[Dataset entries]
Content starts

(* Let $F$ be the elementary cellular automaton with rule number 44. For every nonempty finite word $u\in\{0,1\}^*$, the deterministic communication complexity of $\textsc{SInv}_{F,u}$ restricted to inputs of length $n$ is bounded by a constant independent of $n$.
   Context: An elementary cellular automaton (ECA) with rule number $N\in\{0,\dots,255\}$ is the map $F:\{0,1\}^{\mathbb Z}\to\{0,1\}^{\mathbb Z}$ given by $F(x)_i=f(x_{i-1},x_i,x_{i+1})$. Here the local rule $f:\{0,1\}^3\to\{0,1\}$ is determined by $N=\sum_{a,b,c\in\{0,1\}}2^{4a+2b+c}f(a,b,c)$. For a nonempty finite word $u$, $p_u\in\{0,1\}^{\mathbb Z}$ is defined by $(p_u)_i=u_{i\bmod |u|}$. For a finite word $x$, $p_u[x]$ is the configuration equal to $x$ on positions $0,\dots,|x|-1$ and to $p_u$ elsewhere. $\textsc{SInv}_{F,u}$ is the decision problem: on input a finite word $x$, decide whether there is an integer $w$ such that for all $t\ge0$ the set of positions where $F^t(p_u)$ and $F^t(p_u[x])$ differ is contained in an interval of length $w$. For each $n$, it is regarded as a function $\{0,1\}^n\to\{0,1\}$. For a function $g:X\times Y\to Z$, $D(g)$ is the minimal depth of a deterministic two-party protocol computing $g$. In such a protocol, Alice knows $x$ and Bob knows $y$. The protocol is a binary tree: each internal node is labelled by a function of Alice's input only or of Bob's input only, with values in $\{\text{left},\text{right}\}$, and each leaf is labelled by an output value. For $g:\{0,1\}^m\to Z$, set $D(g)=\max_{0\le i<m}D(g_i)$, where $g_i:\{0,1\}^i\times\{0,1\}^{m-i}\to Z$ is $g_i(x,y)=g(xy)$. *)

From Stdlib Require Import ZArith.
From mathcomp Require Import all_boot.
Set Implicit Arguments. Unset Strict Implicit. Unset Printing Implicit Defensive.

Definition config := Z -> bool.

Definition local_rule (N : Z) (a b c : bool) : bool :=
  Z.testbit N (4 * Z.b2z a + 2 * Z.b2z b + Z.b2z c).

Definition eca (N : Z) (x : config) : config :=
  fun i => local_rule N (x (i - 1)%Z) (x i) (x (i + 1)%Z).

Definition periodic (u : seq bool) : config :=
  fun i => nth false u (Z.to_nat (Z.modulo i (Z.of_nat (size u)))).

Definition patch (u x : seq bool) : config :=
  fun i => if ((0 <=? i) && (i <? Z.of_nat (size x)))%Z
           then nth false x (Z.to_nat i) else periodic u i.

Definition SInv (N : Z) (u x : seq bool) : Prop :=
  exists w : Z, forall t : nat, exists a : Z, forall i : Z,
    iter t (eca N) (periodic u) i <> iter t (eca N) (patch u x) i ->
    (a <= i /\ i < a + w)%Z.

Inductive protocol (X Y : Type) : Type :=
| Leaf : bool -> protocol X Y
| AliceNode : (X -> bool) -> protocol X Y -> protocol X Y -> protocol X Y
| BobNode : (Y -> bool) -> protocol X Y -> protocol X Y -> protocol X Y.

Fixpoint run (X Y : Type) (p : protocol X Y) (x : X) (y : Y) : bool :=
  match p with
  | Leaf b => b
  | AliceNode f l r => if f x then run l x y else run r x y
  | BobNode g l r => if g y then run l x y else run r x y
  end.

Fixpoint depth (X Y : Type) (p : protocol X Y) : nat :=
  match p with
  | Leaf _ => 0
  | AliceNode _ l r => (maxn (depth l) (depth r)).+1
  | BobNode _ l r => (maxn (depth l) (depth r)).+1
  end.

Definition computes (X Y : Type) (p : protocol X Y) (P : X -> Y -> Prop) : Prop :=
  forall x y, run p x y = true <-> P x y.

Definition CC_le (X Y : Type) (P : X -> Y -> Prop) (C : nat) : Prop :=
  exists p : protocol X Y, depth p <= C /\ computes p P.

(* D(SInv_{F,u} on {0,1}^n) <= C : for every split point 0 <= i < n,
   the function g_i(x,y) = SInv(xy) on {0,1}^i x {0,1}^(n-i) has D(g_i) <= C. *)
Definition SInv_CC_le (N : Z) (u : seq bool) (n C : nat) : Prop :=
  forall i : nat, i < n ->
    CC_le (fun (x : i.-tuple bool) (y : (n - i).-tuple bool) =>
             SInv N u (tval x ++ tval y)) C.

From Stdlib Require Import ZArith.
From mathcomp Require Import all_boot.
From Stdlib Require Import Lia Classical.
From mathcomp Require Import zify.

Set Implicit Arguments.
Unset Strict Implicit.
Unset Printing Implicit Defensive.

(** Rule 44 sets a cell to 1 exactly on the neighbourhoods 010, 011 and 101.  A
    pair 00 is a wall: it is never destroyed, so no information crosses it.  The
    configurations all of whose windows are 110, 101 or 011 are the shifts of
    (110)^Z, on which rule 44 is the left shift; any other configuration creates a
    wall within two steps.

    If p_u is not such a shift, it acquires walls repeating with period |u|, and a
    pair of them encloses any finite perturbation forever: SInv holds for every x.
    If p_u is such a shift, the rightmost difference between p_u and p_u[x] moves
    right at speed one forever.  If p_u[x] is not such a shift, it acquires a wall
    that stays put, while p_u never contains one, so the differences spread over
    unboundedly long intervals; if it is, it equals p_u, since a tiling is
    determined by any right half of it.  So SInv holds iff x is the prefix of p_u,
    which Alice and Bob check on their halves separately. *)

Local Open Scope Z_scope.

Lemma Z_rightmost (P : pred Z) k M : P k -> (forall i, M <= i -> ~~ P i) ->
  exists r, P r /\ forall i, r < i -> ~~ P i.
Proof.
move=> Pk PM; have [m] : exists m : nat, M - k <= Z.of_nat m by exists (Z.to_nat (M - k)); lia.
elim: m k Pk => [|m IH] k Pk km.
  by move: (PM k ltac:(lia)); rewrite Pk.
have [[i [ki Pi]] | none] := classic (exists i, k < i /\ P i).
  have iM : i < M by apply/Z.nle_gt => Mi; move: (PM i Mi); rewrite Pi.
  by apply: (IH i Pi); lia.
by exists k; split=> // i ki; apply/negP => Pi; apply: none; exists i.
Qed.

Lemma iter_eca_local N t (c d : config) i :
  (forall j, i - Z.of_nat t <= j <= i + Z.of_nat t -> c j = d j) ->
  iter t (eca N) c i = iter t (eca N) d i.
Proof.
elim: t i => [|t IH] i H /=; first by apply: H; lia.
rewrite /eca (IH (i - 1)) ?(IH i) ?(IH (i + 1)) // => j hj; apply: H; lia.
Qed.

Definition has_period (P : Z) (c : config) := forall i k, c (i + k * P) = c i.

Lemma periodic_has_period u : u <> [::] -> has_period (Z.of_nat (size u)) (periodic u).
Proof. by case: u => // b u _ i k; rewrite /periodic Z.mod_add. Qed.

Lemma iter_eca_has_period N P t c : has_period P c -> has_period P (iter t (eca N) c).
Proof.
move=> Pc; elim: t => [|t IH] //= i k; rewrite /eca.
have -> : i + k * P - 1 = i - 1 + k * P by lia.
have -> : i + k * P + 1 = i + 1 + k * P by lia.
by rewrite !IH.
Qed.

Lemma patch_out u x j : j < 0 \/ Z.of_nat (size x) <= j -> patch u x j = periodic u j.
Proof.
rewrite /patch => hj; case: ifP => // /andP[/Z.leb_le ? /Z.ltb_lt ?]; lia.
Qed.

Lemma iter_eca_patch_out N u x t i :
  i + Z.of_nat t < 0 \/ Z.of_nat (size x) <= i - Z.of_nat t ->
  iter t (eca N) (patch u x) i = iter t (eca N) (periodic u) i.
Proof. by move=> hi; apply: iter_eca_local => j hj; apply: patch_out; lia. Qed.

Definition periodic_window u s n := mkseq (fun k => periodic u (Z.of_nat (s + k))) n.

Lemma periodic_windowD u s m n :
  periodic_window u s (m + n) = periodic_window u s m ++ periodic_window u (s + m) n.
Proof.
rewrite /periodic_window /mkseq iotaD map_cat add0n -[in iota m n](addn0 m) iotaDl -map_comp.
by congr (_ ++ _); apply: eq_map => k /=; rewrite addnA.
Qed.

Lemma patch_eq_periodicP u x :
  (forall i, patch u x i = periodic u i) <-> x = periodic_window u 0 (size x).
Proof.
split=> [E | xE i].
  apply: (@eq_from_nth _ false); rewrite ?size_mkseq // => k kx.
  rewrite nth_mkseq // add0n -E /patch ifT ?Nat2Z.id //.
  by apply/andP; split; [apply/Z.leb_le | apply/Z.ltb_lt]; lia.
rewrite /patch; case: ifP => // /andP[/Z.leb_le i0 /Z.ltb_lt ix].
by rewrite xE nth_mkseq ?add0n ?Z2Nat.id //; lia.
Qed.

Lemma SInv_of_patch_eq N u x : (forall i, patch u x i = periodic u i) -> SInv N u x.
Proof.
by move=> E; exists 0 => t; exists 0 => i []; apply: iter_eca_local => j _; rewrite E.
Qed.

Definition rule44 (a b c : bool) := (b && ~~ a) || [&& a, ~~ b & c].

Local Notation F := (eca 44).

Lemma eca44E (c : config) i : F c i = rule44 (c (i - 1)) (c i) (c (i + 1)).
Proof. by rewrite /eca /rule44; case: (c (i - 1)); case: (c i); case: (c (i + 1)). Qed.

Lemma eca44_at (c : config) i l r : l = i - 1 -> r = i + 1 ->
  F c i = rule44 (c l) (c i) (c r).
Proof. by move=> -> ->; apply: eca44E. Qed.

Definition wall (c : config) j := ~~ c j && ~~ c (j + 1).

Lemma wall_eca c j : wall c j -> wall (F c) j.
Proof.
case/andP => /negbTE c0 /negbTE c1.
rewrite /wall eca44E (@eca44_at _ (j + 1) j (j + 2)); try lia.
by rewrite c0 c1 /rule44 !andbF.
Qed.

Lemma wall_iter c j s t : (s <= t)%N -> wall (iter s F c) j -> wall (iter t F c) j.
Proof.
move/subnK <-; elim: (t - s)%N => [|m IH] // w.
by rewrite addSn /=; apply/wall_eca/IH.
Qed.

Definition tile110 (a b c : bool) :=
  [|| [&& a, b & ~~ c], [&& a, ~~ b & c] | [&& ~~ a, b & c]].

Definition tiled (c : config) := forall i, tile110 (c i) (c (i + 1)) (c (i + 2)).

Content ends

# DIRECTIONS
Output the lines from the one with "Local Notation F := (eca 44)." to the final line of the entries above, exactly as they stand, please, and nothing else.

# ANSWER TO THIS TASK
Local Notation F := (eca 44).

Lemma eca44E (c : config) i : F c i = rule44 (c (i - 1)) (c i) (c (i + 1)).
Proof. by rewrite /eca /rule44; case: (c (i - 1)); case: (c i); case: (c (i + 1)). Qed.

Lemma eca44_at (c : config) i l r : l = i - 1 -> r = i + 1 ->
  F c i = rule44 (c l) (c i) (c r).
Proof. by move=> -> ->; apply: eca44E. Qed.

Definition wall (c : config) j := ~~ c j && ~~ c (j + 1).

Lemma wall_eca c j : wall c j -> wall (F c) j.
Proof.
case/andP => /negbTE c0 /negbTE c1.
rewrite /wall eca44E (@eca44_at _ (j + 1) j (j + 2)); try lia.
by rewrite c0 c1 /rule44 !andbF.
Qed.

Lemma wall_iter c j s t : (s <= t)%N -> wall (iter s F c) j -> wall (iter t F c) j.
Proof.
move/subnK <-; elim: (t - s)%N => [|m IH] // w.
by rewrite addSn /=; apply/wall_eca/IH.
Qed.

Definition tile110 (a b c : bool) :=
  [|| [&& a, b & ~~ c], [&& a, ~~ b & c] | [&& ~~ a, b & c]].

Definition tiled (c : config) := forall i, tile110 (c i) (c (i + 1)) (c (i + 2)).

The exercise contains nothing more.